───── Supplied records ─────

(* Let $X$ be a compact metric space, $Y\subset[-1,1]$ compact, $H$ an RKHS of continuous functions on $X$ with closed unit ball $B_H$ and $\|f\|_\infty\le\|f\|_H$ for all $f\in H$, and $L:Y\times\mathbb R\to[0,\infty)$ continuous, convex in its second variable, satisfying for constants $\alpha\in[1,2]$, $c_L>0$: $\sup_{y\in Y}L(y,t)\le1+|t|^\alpha$ for all $t\in\mathbb R$ and $\sup_{y\in Y}|L(y,\cdot)|_{[-t,t]}|_1\le c_Lt^{\alpha-1}$ for all $t\ge0$. Let $P$ be a distribution on $X\times Y$ for which a minimizer $f^*_{L,P}$ of the $L$-risk exists, and suppose there are constants $v\ge0$, $c\ge1$, $\vartheta\in[0,1]$ and some $0<\lambda<1$ such that for all $f\in\lambda^{-1/2}B_H$ $$\mathbb E_P(L\circ f-L\circ f^*_{L,P})^2\le c(\|f\|_\infty+1)^v\big(\mathbb E_P(L\circ f-L\circ f^*_{L,P})\big)^\vartheta.$$ Then for all $g\in\mathcal G(\lambda)$ $$\mathbb E_Pg^2\le16c\Big(\Big(\frac{\mathbb E_Pg}{\lambda}\Big)^{1/2}+\Big(\frac{a(\lambda)}{\lambda}\Big)^{1/2}+1\Big)^v\Big((\mathbb E_Pg)^\vartheta+2a^\vartheta(\lambda)\Big).$$
   Context: $|h|_1$ is the Lipschitz constant of $h$; $L\circ f$ denotes $(x,y)\mapsto L(y,f(x))$; $\mathcal R_{L,P}(f):=\mathbb E_PL\circ f$, $\mathcal R^*_{L,P}:=\inf\{\mathcal R_{L,P}(f):f\text{ measurable}\}$, attained by $f^*_{L,P}$. For $\lambda>0$, $f_{P,\lambda}:=\arg\min_{f\in H}(\lambda\|f\|_H^2+\mathcal R_{L,P}(f))$ and $a(\lambda):=\lambda\|f_{P,\lambda}\|_H^2+\mathcal R_{L,P}(f_{P,\lambda})-\mathcal R^*_{L,P}$; $a^\vartheta(\lambda)$ means $(a(\lambda))^\vartheta$, with $0^0:=1$. $C_\lambda(x,y,f):=\lambda\|f\|_H^2+L(y,f(x))$, $C_\lambda\circ f:=C_\lambda(\cdot,\cdot,f)$, and $\mathcal G(\lambda):=\{C_\lambda\circ f-C_\lambda\circ f_{P,\lambda}: f\in\lambda^{-1/2}B_H\}$. *)

From HB Require Import structures.
From mathcomp Require Import all_boot all_order all_algebra.
From mathcomp Require Import all_classical all_reals all_analysis.
Set Implicit Arguments. Unset Strict Implicit. Unset Printing Implicit Defensive.
Import Order.TTheory GRing.Theory Num.Theory.
Import numFieldNormedType.Exports.
Local Open Scope classical_set_scope.
Local Open Scope ring_scope.

Section Defs.
Variables (R : realType) (X : pseudoPMetricType R).

Definition BX := g_sigma_algebraType (@open X).

Definition normH (ip : (X -> R) -> (X -> R) -> R) (f : X -> R) : R :=
  Num.sqrt (ip f f).

(* H is a reproducing kernel Hilbert space of functions on X with inner
   product ip (restricted to H): a real inner-product space of functions,
   complete for the induced norm, on which every point evaluation is a
   bounded (= continuous) linear functional. *)
Definition is_RKHS (H : set (X -> R)) (ip : (X -> R) -> (X -> R) -> R) : Prop :=
  [/\ H (fun=> 0),
      (forall f g, H f -> H g -> H (fun x => f x + g x)),
      (forall (a : R) f, H f -> H (fun x => a * f x)),
      (forall f g, H f -> H g -> ip f g = ip g f)
    & (forall (a : R) f g h, H f -> H g -> H h ->
          ip (fun x => a * f x + g x) h = a * ip f h + ip g h)] /\
  [/\ (forall f, H f -> 0 <= ip f f),
      (forall f, H f -> ip f f = 0 -> f = fun=> 0),
      (forall u : nat -> X -> R, (forall n, H (u n)) ->
        (forall e : R, 0 < e -> exists N, forall m n, (N <= m)%N -> (N <= n)%N ->
             normH ip (fun x => u m x - u n x) < e) ->
        exists2 f, H f & forall e : R, 0 < e -> exists N, forall n, (N <= n)%N ->
             normH ip (fun x => u n x - f x) < e)
    & (forall x : X, exists C : R, forall f, H f -> `|f x| <= C * normH ip f)].

Definition supnorm (f : X -> R) : R := sup [set `|f x| | x in [set: X]].

Section risk.
Variables (Y : set R) (L : R -> R -> R) (P : probability (BX * R)%type R).

(* E_P h for h on X x Y (P is concentrated on X x Y) *)
Definition Ex (h : BX * R -> R) : \bar R :=
  (\int[P]_(z in [set: BX] `*` Y) (h z)%:E)%E.

Definition Lcomp (f : X -> R) : BX * R -> R := fun z => L z.2 (f z.1).

Definition risk (f : X -> R) : \bar R := Ex (Lcomp f).

Definition bayes_risk : \bar R :=
  ereal_inf [set risk f | f in [set f : BX -> R | measurable_fun [set: BX] f]].

Variables (H : set (X -> R)) (ip : (X -> R) -> (X -> R) -> R) (lam : R).

Definition reg_risk (f : X -> R) : \bar R :=
  ((lam * normH ip f ^+ 2)%:E + risk f)%E.

Definition fPlam : X -> R :=
  xget (fun=> 0) [set f | H f /\ forall g, H g -> (reg_risk f <= reg_risk g)%E].

Definition approx_err : \bar R := (reg_risk fPlam - bayes_risk)%E.

Definition Ccomp (f : X -> R) : BX * R -> R :=
  fun z => lam * normH ip f ^+ 2 + L z.2 (f z.1).

Definition Gset : set (BX * R -> R) :=
  [set g | exists2 f, H f /\ normH ip f <= (Num.sqrt lam)^-1 &
           g = (fun z => Ccomp f z - Ccomp fPlam z)].
End risk.
End Defs.

From HB Require Import structures.
From mathcomp Require Import all_boot all_order all_algebra.
From mathcomp Require Import all_classical all_reals all_analysis.
From mathcomp Require Import measurable_realfun lra ring.
Set Implicit Arguments. Unset Strict Implicit. Unset Printing Implicit Defensive.
Import Order.TTheory GRing.Theory Num.Theory.
Import numFieldNormedType.Exports.
Local Open Scope classical_set_scope.
Local Open Scope ring_scope.

(* Write g = C_lam o f - C_lam o f0 with f0 = f_{P,lam}, let x = lam |f|_H^2 and
   x0 = lam |f0|_H^2, and let d, d0 be the excess risks of f and f0 over f*_{L,P}.
   Then E_P g = e := x - x0 + (d - d0) and a(lam) = x0 + d0, so x + d = e + a(lam).
   Pointwise g^2 <= 2 (x - x0)^2 + 4 (L o f - L o f* )^2 + 4 (L o f0 - L o f* )^2, and
   the variance bound controls the last two expectations by c (|f|_oo + 1)^v d^theta
   and c (|f0|_oo + 1)^v d0^theta.  Both x and x0 lie in [0, 1] (f0 does at least as
   well as 0 for the regularized risk, and R(0) <= 1), so (x - x0)^2 <= x + x0 <=
   x^theta + x0^theta.  Every quantity in sight is at most e + a(lam), and
   subadditivity of t |-> t^theta and t |-> t^(1/2) bounds its power by
   e^theta + a^theta, resp. |f|_oo <= |f|_H = (x / lam)^(1/2) by
   (e / lam)^(1/2) + (a / lam)^(1/2); the factor c (...)^v >= 1 absorbs the rest.
   Measurability of L o f only needs continuity of L (a Caratheodory argument). *)

Section powR_bounds.
Variable R : realType.
Implicit Types a e p q y th : R.

Lemma ler_powR_self a th : 0 <= a <= 1 -> th <= 1 -> a <= powR a th.
Proof.
case/andP=> a0 a1 th1; have [->|a_neq0] := eqVneq a 0; first exact: powR_ge0.
by apply: ger1_powR => //; rewrite a1 andbT lt_def a_neq0.
Qed.

Lemma powR_subadd p q th : 0 <= th <= 1 -> 0 <= p -> 0 <= q ->
  powR (p + q) th <= powR p th + powR q th.
Proof.
move=> /andP[th0 th1] p0 q0.
have [s0|s_neq0] := eqVneq (p + q) 0.
  have [-> ->] : p = 0 /\ q = 0 by split; lra.
  by rewrite addr0 lerDl powR_ge0.
have s_gt0 : 0 < p + q by rewrite lt_def s_neq0 addr_ge0.
set s := p + q in s_gt0 *; have s_ge0 := ltW s_gt0.
have share u : 0 <= u <= s -> powR u th = powR s th * powR (u / s) th.
  case/andP=> u0 _; rewrite -powRM ?divr_ge0 //.
  by rewrite mulrC divfK ?gt_eqF.
rewrite (share p) ?p0 ?lerDl // (share q) ?q0 ?lerDr //.
rewrite -mulrDr -[leLHS]mulr1 ler_wpM2l ?powR_ge0 //.
have share_le u : 0 <= u <= s -> u / s <= powR (u / s) th.
  case/andP=> u0 us; apply: ler_powR_self => //.
  by rewrite divr_ge0 //= ler_pdivrMr // mul1r.
have := share_le p; have := share_le q.
have : p / s + q / s = 1 by rewrite -mulrDl divff // gt_eqF.
rewrite p0 q0 lerDl lerDr /=; lra.
Qed.

(* [e] may be negative, where [powR e th] is the junk value [1]. *)
Lemma powR_le_add y e a th : 0 <= th <= 1 -> 0 <= y -> 0 <= a -> y <= e + a ->
  powR y th <= powR e th + powR a th.
Proof.
move=> th01 y0 a0 yea; have th0 : 0 <= th by case/andP: th01.
have [e0|e_lt0] := leP 0 e.
  apply: le_trans _ (powR_subadd th01 e0 a0).
  by apply: ge0_ler_powR; rewrite ?nnegrE ?addr_ge0.
apply: le_trans (_ : powR a th <= _); last by rewrite lerDr powR_ge0.
by apply: ge0_ler_powR; rewrite ?nnegrE //; lra.
Qed.

End powR_bounds.

Section moment_inequality.
Variable R : realType.

Lemma sqr_sub_le_add (x x0 : R) : 0 <= x <= 1 -> 0 <= x0 <= 1 ->
  (x - x0) ^+ 2 <= x + x0.
Proof.
move=> /andP[x_ge0 x_le1] /andP[x0_ge0 x0_le1].
have : x ^+ 2 <= x by rewrite expr2 ler_piMl.
have : x0 ^+ 2 <= x0 by rewrite expr2 ler_piMl.
have : 0 <= x * x0 by rewrite mulr_ge0.
rewrite !expr2; lra.
Qed.

Lemma sqr_add_sub_le (a b c : R) :
  (a + (b - c)) ^+ 2 <= 2 * a ^+ 2 + 4 * b ^+ 2 + 4 * c ^+ 2.
Proof.
have := sqr_ge0 (a - (b - c)); have := sqr_ge0 (b + c).
rewrite !expr2; nra.
Qed.

Lemma sqr_sub_le_powR (th x x0 d d0 e a : R) : 0 <= th <= 1 ->
  0 <= x <= 1 -> 0 <= x0 <= 1 -> 0 <= d -> 0 <= d0 ->
  x + d = e + a -> x0 + d0 = a ->
  (x - x0) ^+ 2 <= powR e th + 2 * powR a th.
Proof.
move=> th01 x01 x001 d_ge0 d0_ge0 split_ea split_a.
have [[x_ge0 _] [x0_ge0 _]] := (andP x01, andP x001).
have [th0 th1] := andP th01; have a_ge0 : 0 <= a by lra.
have x_le : x <= powR e th + powR a th.
  apply: le_trans (ler_powR_self x01 th1) (powR_le_add th01 x_ge0 a_ge0 _).
  by rewrite -split_ea lerDl.
have x0_le : x0 <= powR a th.
  apply: le_trans (ler_powR_self x001 th1) _.
  by apply: ge0_ler_powR; rewrite ?nnegrE // -split_a lerDl.
by apply: le_trans (sqr_sub_le_add x01 x001) _; lra.
Qed.

Lemma norm_le_root_sum (lam n e a : R) : 0 < lam -> 0 <= n -> 0 <= a ->
  lam * n ^+ 2 <= e + a -> n <= powR (e / lam) 2^-1 + powR (a / lam) 2^-1.
Proof.
move=> lam_gt0 n_ge0 a_ge0 nea; have lam_ge0 := ltW lam_gt0.
have -> : n = powR (lam * n ^+ 2 / lam) 2^-1.
  by rewrite mulrAC divff ?gt_eqF // mul1r powR12_sqrt ?sqr_ge0 // sqrtr_sqr ger0_norm.
apply: powR_le_add; rewrite ?divr_ge0 ?mulr_ge0 ?sqr_ge0 //.
- by rewrite invr_ge0 ler0n /= invf_le1 // ler1n.
- by rewrite -mulrDl ler_wpM2r // invr_ge0.
Qed.

Lemma ler_inv_sqrt (lam n : R) : 0 < lam -> 0 <= n ->
  (n <= (Num.sqrt lam)^-1) = (lam * n ^+ 2 <= 1).
Proof.
move=> lam_gt0 n_ge0; have sqrt_gt0 : 0 < Num.sqrt lam by rewrite sqrtr_gt0.
have -> : lam * n ^+ 2 = (n * Num.sqrt lam) ^+ 2.
  by rewrite exprMn sqr_sqrtr ?ltW // mulrC.
by rewrite -(ler_pM2r sqrt_gt0) mulVf ?gt_eqF // expr_le1 // mulr_ge0 ?sqrtr_ge0.
Qed.
Lemma flat_tuples (x y : nat -> seq M) :
  (forall i, size (x i) = k) -> (forall j, size (y j) = l) ->
  exists d : nat -> M, (forall i, left_tuple d i = x i) /\ (forall j, right_tuple d j = y j).
Proof.
move=> hx hy.
exists (fun p => let q := p %% w in
  if q < k then nth (point M) (x (p %/ w)) q else nth (point M) (y (p %/ w)) (q - k)).
split=> [i|j].
- rewrite -[RHS](mkseq_nth (point M)) hx; apply/eq_in_map => q.
  rewrite mem_iota => /andP [_ hq] /=; have hqw : q < w by lia.
  by rewrite divnMDl ?divn_small ?addn0 ?modnMDl ?modn_small ?hq //; lia.
- rewrite -[RHS](mkseq_nth (point M)) hy; apply/eq_in_map => q.
  rewrite mem_iota => /andP [_ hq] /=; have hqw : k + q < w by lia.
  rewrite -addnA divnMDl ?divn_small ?addn0 ?modnMDl ?modn_small //; last by lia.
  by rewrite ltnNge leq_addr addKn.
Qed.

Lemma half_graph_eq_on (K : nat) (d g : nat -> M) :
  (forall p, p < K * w -> d p = g p) ->
  half_graph phi K (left_tuple d) (right_tuple d) ->
  half_graph phi K (left_tuple g) (right_tuple g).
Proof.
move=> hdg hd i j hi hj.
have hblock n q : n < K -> q < w -> d (n * w + q) = g (n * w + q).
  move=> hn hq; apply: hdg; have : n.+1 * w <= K * w by rewrite leq_mul2r hn orbT.
  by rewrite mulSn; lia.
rewrite -(hd i j hi hj) /left_tuple /right_tuple.
have -> : mkseq (fun q => g (i * w + q)) k = mkseq (fun q => d (i * w + q)) k.
  by apply/eq_in_map => q; rewrite mem_iota => hq; rewrite hblock //; lia.
have -> : mkseq (fun q => g (j * w + k + q)) l = mkseq (fun q => d (j * w + k + q)) l.
  by apply/eq_in_map => q; rewrite mem_iota => hq; rewrite -addnA hblock //; lia.
by [].
Qed.

End FlatEncoding.

Section ExtensionFormula.
Variables (L : signature) (M : structure L) (phi : formula L) (k l : nat).
Hypothesis phi_fv : fv_bounded phi k l.
Local Open Scope nat_scope.
Local Notation w := (k + l).

Definition slot (i j v : nat) : nat := if v < k then i * w + v else j * w + v.

(* Slots below t are the parameters 1..t of omega_saturated, slot t is the
   variable 0 to be realized, and later slots keep their index. *)
Definition slot_var (t p : nat) : nat := if p < t then p.+1 else if p == t then 0 else p.

(* Variables that are not free in phi are sent beyond all slots, which keeps the
   renaming injective. *)
Definition pair_var (t i j v : nat) : nat :=
  if v < w then slot_var t (slot i j v) else v + (i * w + j * w + w + t).+1.

Definition half_graph_literal (t i j : nat) : formula L :=
  if i < j then rename (pair_var t i j) phi else fneg (rename (pair_var t i j) phi).

Definition extension_formula (t K : nat) : formula L :=
  fexs (iota t.+1 (K * w))
    (fbigand K (fun i => fbigand K (fun j => half_graph_literal t i j))).

Lemma slot_mod i j v : v < w -> slot i j v %% w = v.
Proof. by move=> hv; rewrite /slot; case: ifP => _; rewrite modnMDl modn_small. Qed.

Lemma slot_lt K i j v : i < K -> j < K -> v < w -> slot i j v < K * w.
Proof.
move=> hi hj hv; rewrite /slot.
have : i.+1 * w <= K * w by rewrite leq_mul2r hi orbT.
have : j.+1 * w <= K * w by rewrite leq_mul2r hj orbT.
rewrite !mulSn; case: ifP => _; lia.
Qed.

Lemma slot_var_inj t : injective (slot_var t).
Proof.
move=> p1 p2; rewrite /slot_var.
by case: (ltnP p1 t); case: (ltnP p2 t); case: (p1 =P t); case: (p2 =P t); lia.
Qed.

Lemma pair_var_inj t i j : injective (pair_var t i j).
Proof.
have slot_le v : slot i j v <= i * w + j * w + v by rewrite /slot; case: ifP => _; lia.
have slot_var_le p : slot_var t p <= p.+1 by rewrite /slot_var; case: ifP => // _; case: ifP.
move=> v1 v2; rewrite /pair_var.
have := slot_var_le (slot i j v1); have := slot_var_le (slot i j v2).
have := slot_le v1; have := slot_le v2.
case: (ltnP v1 w) => hv1; case: (ltnP v2 w) => hv2; try lia.
by move=> _ _ _ _ /slot_var_inj e; rewrite -(slot_mod i j hv1) -(slot_mod i j hv2) e.
Qed.

Lemma Rrel_slot (d : nat -> M) i j :
  Rrel phi (left_tuple k l d i) (right_tuple k l d j) <-> sat (d \o slot i j) phi.
Proof.
apply: eq_sat => v /phi_fv hv.
rewrite nth_cat /left_tuple /right_tuple size_mkseq /slot /=.
case: ifP => hk; first by rewrite nth_mkseq.
rewrite nth_mkseq; last by move: hv hk; lia.
by rewrite -addnA subnKC // leqNgt hk.
Qed.

Lemma sat_literals (e : nat -> M) t K :
  sat e (fbigand K (fun i => fbigand K (fun j => half_graph_literal t i j))) <->
  forall i j, i < K -> j < K -> (sat e (rename (pair_var t i j) phi) <-> i < j).
Proof.
rewrite sat_fbigand; split=> [h i j hi hj|h i hi].
- move: (h i hi); rewrite sat_fbigand => /(_ j hj).
  by rewrite /half_graph_literal; case: ifP.
- rewrite sat_fbigand => j hj; have := h i j hi hj.
  by rewrite /half_graph_literal; case: ifP => _ /= [h1 h2]; [exact: h2|move/h1].
Qed.

Lemma sat_extension_formula (e : nat -> M) t K :
  sat e (extension_formula t K) <->
  exists d : nat -> M, [/\ forall p, p < t -> d p = e p.+1, d t = e 0 &
    half_graph phi K (left_tuple k l d) (right_tuple k l d)].
Proof.
rewrite /extension_formula sat_fexs; split.
- case=> f; set e' := fun v => if v \in _ then _ else _; move/sat_literals => hf.
  exists (e' \o slot_var t); split=> [p hp||i j hi hj].
  + by rewrite /= /e' /slot_var hp mem_iota ltnS leqNgt hp.
  + by rewrite /= /e' /slot_var ltnn eqxx mem_iota ltn0.
  + rewrite Rrel_slot -(hf i j hi hj) sat_rename; last exact: pair_var_inj.
    by apply: eq_sat => v /phi_fv hv; rewrite /= /pair_var hv.
- case=> d [hd_par hd_t hd]; exists d; apply/sat_literals => i j hi hj.
  rewrite -(hd i j hi hj) Rrel_slot sat_rename; last exact: pair_var_inj.
  apply: eq_sat => v /phi_fv hv; rewrite /= /pair_var hv.
  have := slot_lt hi hj hv; set p := slot i j v => hp.
  rewrite /slot_var mem_iota; case: (ltnP p t) => [hpt|htp].
  + by rewrite (hd_par p hpt) ltnS leqNgt hpt.
  + case: (p =P t) => [->|hpt]; first by rewrite hd_t ltn0.
    by have -> : t < p < t.+1 + K * w by apply/andP; split; lia.
Qed.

─────

_What this task involves_:
The string "nnegrE" may appear in lines of the entries above. Say how many such lines there are, as a number only.

_Task solution_:
3